**Problem requirements:** Extract from the entries below, exactly as given, only the lines from the line containing "Definition step_enc (V" to the line containing "Implicit Types (f", both lines included.

**Records supplied:**
(* Let $\overrightarrow{W}$ and $\overrightarrow{W}'$ be two Morse sequences on the same simplicial complex $K$, with reference maps $\curlywedge,\curlywedge'$ and coreference maps $\curlyvee,\curlyvee'$ respectively. If $\overrightarrow{W}$ and $\overrightarrow{W}'$ are equivalent, then $\curlywedge=\curlywedge'$ and $\curlyvee=\curlyvee'$.
   Context: A simplicial complex $K$ is a finite collection of non-empty finite sets closed under taking non-empty subsets; $\dim\sigma=|\sigma|-1$, $K^{(p)}$ the set of $p$-simplices. A pair $(\sigma,\tau)$ with $\sigma\subsetneq\tau$ is a free pair for $K$ if $\tau$ is the only simplex other than $\sigma$ containing $\sigma$; $K$ is then an elementary expansion of $K\setminus\{\sigma,\tau\}$. If $\nu$ is a facet (maximal simplex) of $K$, $K$ is an elementary filling of $K\setminus\{\nu\}$. A Morse sequence on $K$ is a sequence $\langle\emptyset=K_0,\dots,K_k=K\rangle$ with each $K_i$ an elementary expansion or filling of $K_{i-1}$; simplices added by fillings are critical; for an expansion $K_i=K_{i-1}\cup\{\sigma,\tau\}$, $\sigma\subset\tau$, $(\sigma,\tau)$ is a regular pair, $\sigma$ lower regular, $\tau$ upper regular. The gradient vector field of a Morse sequence is the set of its regular pairs; two Morse sequences on $K$ are equivalent if they have the same gradient vector field. $K[p]$ is the $\mathbb{Z}_2$-vector space of subsets of $K^{(p)}$ (sum = symmetric difference, $0=\emptyset$); $\partial(\sigma)=\{\tau\in K^{(p-1)}:\tau\subset\sigma\}$, $\delta(\sigma)=\{\tau\in K^{(p+1)}:\sigma\subset\tau\}$. The reference map $\curlywedge$ of a Morse sequence is the unique map assigning to each $p$-simplex a set of critical $p$-simplices, extended linearly (mod 2) to chains, with $\curlywedge(\nu)=\{\nu\}$ for critical $\nu$ and $\curlywedge(\tau)=0=\curlywedge(\partial(\tau))$ for upper regular $\tau$; the coreference map $\curlyvee$ is the unique such map with $\curlyvee(\nu)=\{\nu\}$ for critical $\nu$ and $\curlyvee(\sigma)=0=\curlyvee(\delta(\sigma))$ for lower regular $\sigma$. *)

From mathcomp Require Import all_boot.
Set Implicit Arguments. Unset Strict Implicit. Unset Printing Implicit Defensive.

Section Morse.
Variable V : finType.

(* A simplex is a nonempty finite set of vertices; dim s = #|s| - 1. *)
Definition is_complex (K : {set {set V}}) : Prop :=
  set0 \notin K /\
  forall s t : {set V}, s \in K -> t \subset s -> t != set0 -> t \in K.

Inductive step : Type :=
| Fill of {set V}
| Expand of {set V} & {set V}.

Definition added (st : step) : {set {set V}} :=
  match st with
  | Fill nu => [set nu]
  | Expand s t => [set s; t]
  end.

Definition step_ok (L : {set {set V}}) (st : step) : Prop :=
  match st with
  | Fill nu =>
      let L' := nu |: L in
      is_complex L' /\ nu \notin L /\
      (forall u : {set V}, u \in L' -> nu \subset u -> u = nu)
  | Expand s t =>
      let L' := s |: (t |: L) in
      is_complex L' /\ s \notin L /\ t \notin L /\ s \proper t /\
      (forall u : {set V}, u \in L' -> s \subset u -> u = s \/ u = t)
  end.

Fixpoint valid_from (L : {set {set V}}) (w : seq step) : Prop :=
  match w with
  | [::] => True
  | st :: w' => step_ok L st /\ valid_from (L :|: added st) w'
  end.

Fixpoint build_from (L : {set {set V}}) (w : seq step) : {set {set V}} :=
  match w with
  | [::] => L
  | st :: w' => build_from (L :|: added st) w'
  end.

Definition is_morse_seq (K : {set {set V}}) (w : seq step) : Prop :=
  valid_from set0 w /\ build_from set0 w = K.

Definition pairs (w : seq step) : seq ({set V} * {set V}) :=
  pmap (fun st => if st is Expand s t then Some (s, t) else None) w.
Definition fills (w : seq step) : seq {set V} :=
  pmap (fun st => if st is Fill nu then Some nu else None) w.

Definition gvf (w : seq step) : {set {set V} * {set V}} := [set p in pairs w].
Definition crit (w : seq step) : {set {set V}} := [set nu in fills w].
Definition lower_reg (w : seq step) : {set {set V}} := [set p.1 | p in gvf w].
Definition upper_reg (w : seq step) : {set {set V}} := [set p.2 | p in gvf w].

(* K^(p) restricted to simplices with #|s| = n *)
Definition skel (K : {set {set V}}) (n : nat) : {set {set V}} :=
  [set s in K | #|s| == n].
(* boundary and coboundary (as Z_2-chains, i.e. sets of simplices) *)
Definition bd (K : {set {set V}}) (s : {set V}) : {set {set V}} :=
  [set t in K | (t \subset s) && (#|t| == #|s|.-1)].
Definition cbd (K : {set {set V}}) (s : {set V}) : {set {set V}} :=
  [set t in K | (s \subset t) && (#|t| == #|s|.+1)].

(* mod-2 linear extension of a map on simplices to chains *)
Definition ext (f : {set V} -> {set {set V}}) (c : {set {set V}}) : {set {set V}} :=
  [set x | odd #|[set s in c | x \in f s]|].

Definition is_reference (K : {set {set V}}) (w : seq step)
  (f : {set V} -> {set {set V}}) : Prop :=
  (forall s : {set V}, s \in K -> f s \subset skel (crit w) #|s|) /\
  (forall nu, nu \in crit w -> f nu = [set nu]) /\
  (forall tau, tau \in upper_reg w -> f tau = set0 /\ ext f (bd K tau) = set0).

Definition is_coreference (K : {set {set V}}) (w : seq step)
  (g : {set V} -> {set {set V}}) : Prop :=
  (forall s : {set V}, s \in K -> g s \subset skel (crit w) #|s|) /\
  (forall nu, nu \in crit w -> g nu = [set nu]) /\
  (forall sg, sg \in lower_reg w -> g sg = set0 /\ ext g (cbd K sg) = set0).

End Morse.

From HB Require Import structures.
From mathcomp Require Import all_boot zify.
Set Implicit Arguments. Unset Strict Implicit. Unset Printing Implicit Defensive.

(* Equivalent Morse sequences have the same critical simplices, so the
   conditions defining the (co)reference map only depend on the gradient vector
   field, and it suffices to show that they determine the map.  Run through a
   Morse sequence forward: a filling adds a critical simplex, whose reference is
   itself, and an expansion (s, t) adds t, sent to 0, and its free face s, whose
   reference is forced by [ext f (bd K t) = 0] because the other faces of t were
   added before.  Dually, run through it backward: the coreference of t is forced
   by [ext g (cbd K s) = 0] because s is free, so the other cofaces of s are
   added afterwards. *)

Definition step_enc (V : finType) (st : step V) : {set V} + ({set V} * {set V}) :=
  match st with Fill nu => inl nu | Expand s t => inr (s, t) end.
Definition step_dec (V : finType) (x : {set V} + ({set V} * {set V})) : step V :=
  match x with inl nu => Fill nu | inr (s, t) => Expand s t end.
Lemma step_encK (V : finType) : cancel (@step_enc V) (@step_dec V).
Proof. by case. Qed.
HB.instance Definition _ (V : finType) := Equality.copy (step V) (can_type (@step_encK V)).

Section MorseSequences.
Variable V : finType.
Implicit Types (L K c : {set {set V}}) (w : seq (step V)) (s t x : {set V}).
Implicit Types (f : {set V} -> {set {set V}}).

Lemma mem_build L w x :
  (x \in build_from L w) = (x \in L) || has (fun st => x \in added st) w.
Proof. by elim: w L => [|st w IH] L /=; rewrite ?orbF // IH inE orbA. Qed.

Lemma valid_added_notin L w st x :
  valid_from L w -> st \in w -> x \in added st -> x \notin L.
Proof.
elim: w L => [|st0 w IH] L //= [ok valid]; rewrite inE => /predU1P[-> | stw] xst.
  case: st0 ok xst {valid} => [nu [_ [nuL _]] | s t [_ [sL [tL _]]]] /=.
    by rewrite inE => /eqP ->.
  by rewrite !inE => /orP[] /eqP ->.
by have := IH _ valid stw xst; rewrite inE negb_or => /andP[].
Qed.

Lemma valid_added_uniq L w st1 st2 x : valid_from L w ->
  st1 \in w -> st2 \in w -> x \in added st1 -> x \in added st2 -> st1 = st2.
Proof.
elim: w L => [|st0 w IH] L //= [_ valid].
rewrite !inE => /predU1P[-> | st1w] /predU1P[-> | st2w] // x1 x2.
- by have := valid_added_notin valid st2w x2; rewrite inE x1 orbT.
- by have := valid_added_notin valid st1w x1; rewrite inE x2 orbT.
- exact: IH valid st1w st2w x1 x2.
Qed.

Lemma mem_crit w nu : (nu \in crit w) = (Fill nu \in w).
Proof.
rewrite inE mem_pmap; apply/mapP/idP => [[[nu' | //] stw [->]] // | nuw].
by exists (Fill nu).
Qed.

Lemma mem_gvf w s t : ((s, t) \in gvf w) = (Expand s t \in w).
Proof.
rewrite inE mem_pmap; apply/mapP/idP => [[[// | s' t'] stw [-> ->]] // | stw].
by exists (Expand s t).
Qed.

Lemma crit_sub_gvf K w w' : is_morse_seq K w -> is_morse_seq K w' ->
  gvf w = gvf w' -> crit w \subset crit w'.
Proof.
move=> [valid buildK] [_ buildK'] gvf_eq; apply/subsetP => nu.
rewrite mem_crit => nuw.
have : nu \in K by rewrite -buildK mem_build in_set0; apply/hasP; exists (Fill nu); rewrite ?inE.
rewrite -buildK' mem_build in_set0 => /hasP[[nu' | s t] stw' /=].
  by rewrite inE => /eqP ->; rewrite mem_crit.
move=> nu_st; have stw : Expand s t \in w by rewrite -mem_gvf gvf_eq mem_gvf.
by have := valid_added_uniq valid nuw stw (set11 nu) nu_st.
Qed.

Lemma crit_eq_gvf K w w' : is_morse_seq K w -> is_morse_seq K w' ->
  gvf w = gvf w' -> crit w = crit w'.
Proof.
move=> Mw Mw' gvf_eq; apply/eqP.
by rewrite eqEsubset (crit_sub_gvf Mw Mw' gvf_eq) (crit_sub_gvf Mw' Mw (esym gvf_eq)).
Qed.

Section FreePair.
Variables (K L : {set {set V}}) (s t : {set V}).
Hypothesis expand_ok : step_ok L (Expand s t).

Lemma expand_lower_neq0 : s != set0.
Proof. by case: expand_ok => [[L0 _] _]; apply: contraNneq L0 => <-; rewrite !inE eqxx. Qed.

Lemma expand_card : #|t| = #|s|.+1.
Proof.
case: expand_ok => [[_ Lclosed] [_ [_ [/properP[st [v vt vs]] free]]]].
have s_sub : s \subset t :\ v.
  by apply/subsetP => x xs; rewrite !inE (subsetP st) // andbT; apply: contraNneq vs => <-.
have tv_in : t :\ v \in s |: (t |: L).
  apply: Lclosed (subsetDl _ _) _; first by rewrite !inE eqxx orbT.
  by apply: contraNneq expand_lower_neq0 => tv0; rewrite -subset0 -tv0.
case: (free _ tv_in s_sub) => [tvs | tvt]; first by rewrite (cardsD1 v t) vt tvs.
by move: vt; rewrite -{1}tvt !inE eqxx.
Qed.

Lemma expand_in_bd : s \in K -> s \in bd K t.
Proof.
case: expand_ok => [_ [_ [_ [/proper_sub st _]]]] sK.
by rewrite inE sK st expand_card /=.
Qed.

Lemma expand_in_cbd : t \in K -> t \in cbd K s.
Proof.
case: expand_ok => [_ [_ [_ [/proper_sub st _]]]] tK.
by rewrite inE tK st expand_card /=.
Qed.

Lemma expand_bd : {subset bd K t :\ s <= L}.
Proof.
have tcard := expand_card.
case: expand_ok => [[_ Lclosed] _] u; rewrite !inE => /and4P[us _ ut /eqP ucard].
have u_n0 : u != set0 by rewrite -card_gt0 ucard tcard card_gt0 expand_lower_neq0.
have := Lclosed t u; rewrite !inE eqxx orbT (negbTE us) => /(_ isT ut u_n0) /=.
by case/orP => // /eqP ut_eq; move: ucard; rewrite ut_eq; lia.
Qed.

Lemma expand_cbd : {subset cbd K s :\ t <= K :\: (L :|: [set s; t])}.
Proof.
have tcard := expand_card.
case: expand_ok => [_ [_ [_ [_ free]]]] u; rewrite !inE => /and4P[ut uK su /eqP ucard].
rewrite uK andbT; apply/negP => uL.
have uL' : u \in s |: (t |: L) by move: uL; rewrite !inE; case/or3P => ->; rewrite ?orbT.
have [us | /eqP] := free u uL' su.
  by move: ucard; rewrite us; lia.
by rewrite (negbTE ut).
Qed.

End FreePair.

Section OneSequence.
Variables (K : {set {set V}}) (w : seq (step V)).
Hypothesis w_morse : is_morse_seq K w.

Lemma mem_added_morse st x : st \in w -> x \in added st -> x \in K.
Proof.
by case: w_morse => _ <- stw xst; rewrite mem_build; apply/orP; right; apply/hasP; exists st.
Qed.

Lemma morse_ind_fwd (P : {set {set V}} -> Prop) : P set0 ->
  (forall L st, st \in w -> step_ok L st -> P L -> P (L :|: added st)) -> P K.
Proof.
case: w_morse => valid <- P0 Pstep.
suff: forall w0 L, valid_from L w0 -> {subset w0 <= w} -> P L -> P (build_from L w0).
  by apply.
elim=> [|st w0 IH] L //= [ok valid0] w0w PL.
have stw : st \in w by apply: w0w; rewrite inE eqxx.
by apply: IH valid0 _ (Pstep _ _ stw ok PL) => x xw0; apply: w0w; rewrite inE xw0 orbT.
Qed.

Lemma morse_ind_bwd (P : {set {set V}} -> Prop) : P K ->
  (forall L st, st \in w -> step_ok L st -> P (L :|: added st) -> P L) -> P set0.
Proof.
case: w_morse => valid <- PK Pstep.
suff: forall w0 L, valid_from L w0 -> {subset w0 <= w} -> P (build_from L w0) -> P L.
  by apply; last exact: PK.
elim=> [|st w0 IH] L //= [ok valid0] w0w Pbuild.
have stw : st \in w by apply: w0w; rewrite inE eqxx.
apply: Pstep stw ok _.
by apply: IH valid0 _ Pbuild => x xw0; apply: w0w; rewrite inE xw0 orbT.
Qed.

End OneSequence.

Lemma mem_ext_setU1 f c s x : s \notin c ->
  (x \in ext f (s |: c)) = (x \in f s) (+) (x \in ext f c).
Proof.
move=> sc; rewrite !inE.
have [xfs | xfs] := boolP (x \in f s).
- rewrite (_ : [set u in s |: c | x \in f u] = s |: [set u in c | x \in f u]).
    by rewrite cardsU1 inE (negbTE sc) oddD.
  by apply/setP => u; rewrite !inE; case: eqP => [-> | _].
- congr (odd _); apply: eq_card => u; rewrite !inE.
  by case: eqP => [-> | _]; rewrite ?(negbTE xfs) ?andbF.
Qed.

Lemma eq_ext f f' c : {in c, f =1 f'} -> ext f c = ext f' c.
Proof.
move=> eq_ff'; apply/setP => x; rewrite !inE; congr (odd _).
by apply: eq_card => u; rewrite !inE; case uc: (u \in c); rewrite //= eq_ff'.
Qed.

Lemma ext_eq0_determines f f' c s : s \in c ->
  ext f c = set0 -> ext f' c = set0 -> {in c :\ s, f =1 f'} -> f s = f' s.
Proof.
move=> sc ext0 ext0' eq_ff'; rewrite -(setD1K sc) in ext0 ext0'; apply/setP => x.
move/setP/(_ x): ext0; move/setP/(_ x): ext0'.
rewrite !mem_ext_setU1 ?setD11 // (eq_ext eq_ff') in_set0.
by case: (x \in f s); case: (x \in f' s); case: (_ \in _).
Qed.

Lemma reference_uniq K w f f' : is_morse_seq K w ->
  is_reference K w f -> is_reference K w f' -> {in K, f =1 f'}.
Proof.
move=> Mw [_ [crit_f up_f]] [_ [crit_f' up_f']].
apply: (morse_ind_fwd Mw (P := fun L => {in L, f =1 f'})) => [x | L st stw ok fL x].
  by rewrite inE.
case: st stw ok => [nu | s t] stw ok; rewrite !inE.
  by case/orP => [/fL // | /eqP ->]; rewrite crit_f ?crit_f' ?mem_crit.
have tup : t \in upper_reg w by apply/imsetP; exists (s, t); rewrite ?mem_gvf.
have [ft0 ext0] := up_f t tup; have [ft0' ext0'] := up_f' t tup.
have sK : s \in K by apply: (mem_added_morse Mw stw); rewrite !inE eqxx.
have fs : f s = f' s.
  apply: (ext_eq0_determines (expand_in_bd ok sK) ext0 ext0') => u /(expand_bd ok).
  exact: fL.
by case/or3P => [/fL | /eqP -> | /eqP ->] //; rewrite ft0 ft0'.
Qed.

Lemma coreference_uniq K w g g' : is_morse_seq K w ->
  is_coreference K w g -> is_coreference K w g' -> {in K, g =1 g'}.
Proof.
move=> Mw [_ [crit_g lo_g]] [_ [crit_g' lo_g']].
suff: {in K :\: set0, g =1 g'} by rewrite setD0.
apply: (morse_ind_bwd Mw (P := fun L => {in K :\: L, g =1 g'})) => [x | L st stw ok gL x].
  by rewrite setDv inE.
rewrite inE => /andP[xL xK].
have [x_new | x_old] := boolP (x \in L :|: added st); last by apply: gL; rewrite inE x_old.
move: x_new; rewrite inE (negbTE xL) /=.
case: st stw ok gL => [nu | s t] stw ok gL /=.
  by rewrite inE => /eqP ->; rewrite crit_g ?crit_g' ?mem_crit.
have slo : s \in lower_reg w by apply/imsetP; exists (s, t); rewrite ?mem_gvf.
have [gs0 ext0] := lo_g s slo; have [gs0' ext0'] := lo_g' s slo.
have tK : t \in K by apply: (mem_added_morse Mw stw); rewrite !inE eqxx orbT.
rewrite !inE => /orP[/eqP -> | /eqP ->]; first by rewrite gs0 gs0'.
apply: (ext_eq0_determines (expand_in_cbd ok tK) ext0 ext0') => u /(expand_cbd ok).
exact: gL.
Qed.

End MorseSequences.

Theorem proposition3 (V : finType) (K : {set {set V}}) (w w' : seq (step V))
  (f f' g g' : {set V} -> {set {set V}}) :
  is_complex K ->
  is_morse_seq K w -> is_morse_seq K w' ->
  is_reference K w f -> is_reference K w' f' ->
  is_coreference K w g -> is_coreference K w' g' ->
  gvf w = gvf w' ->
  (forall s, s \in K -> f s = f' s) /\ (forall s, s \in K -> g s = g' s).
Proof.
move=> _ Mw Mw' Rf Rf' Rg Rg' gvf_eq.
have crit_eq := crit_eq_gvf Mw Mw' gvf_eq.
have Rf'w : is_reference K w f' by rewrite /is_reference /upper_reg crit_eq gvf_eq.
have Rg'w : is_coreference K w g' by rewrite /is_coreference /lower_reg crit_eq gvf_eq.
by split; [apply: reference_uniq Mw Rf Rf'w | apply: coreference_uniq Mw Rg Rg'w].
Qed.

**Exercise response:**
Definition step_enc (V : finType) (st : step V) : {set V} + ({set V} * {set V}) :=
  match st with Fill nu => inl nu | Expand s t => inr (s, t) end.
Definition step_dec (V : finType) (x : {set V} + ({set V} * {set V})) : step V :=
  match x with inl nu => Fill nu | inr (s, t) => Expand s t end.
Lemma step_encK (V : finType) : cancel (@step_enc V) (@step_dec V).
Proof. by case. Qed.
HB.instance Definition _ (V : finType) := Equality.copy (step V) (can_type (@step_encK V)).

Section MorseSequences.
Variable V : finType.
Implicit Types (L K c : {set {set V}}) (w : seq (step V)) (s t x : {set V}).
Implicit Types (f : {set V} -> {set {set V}}).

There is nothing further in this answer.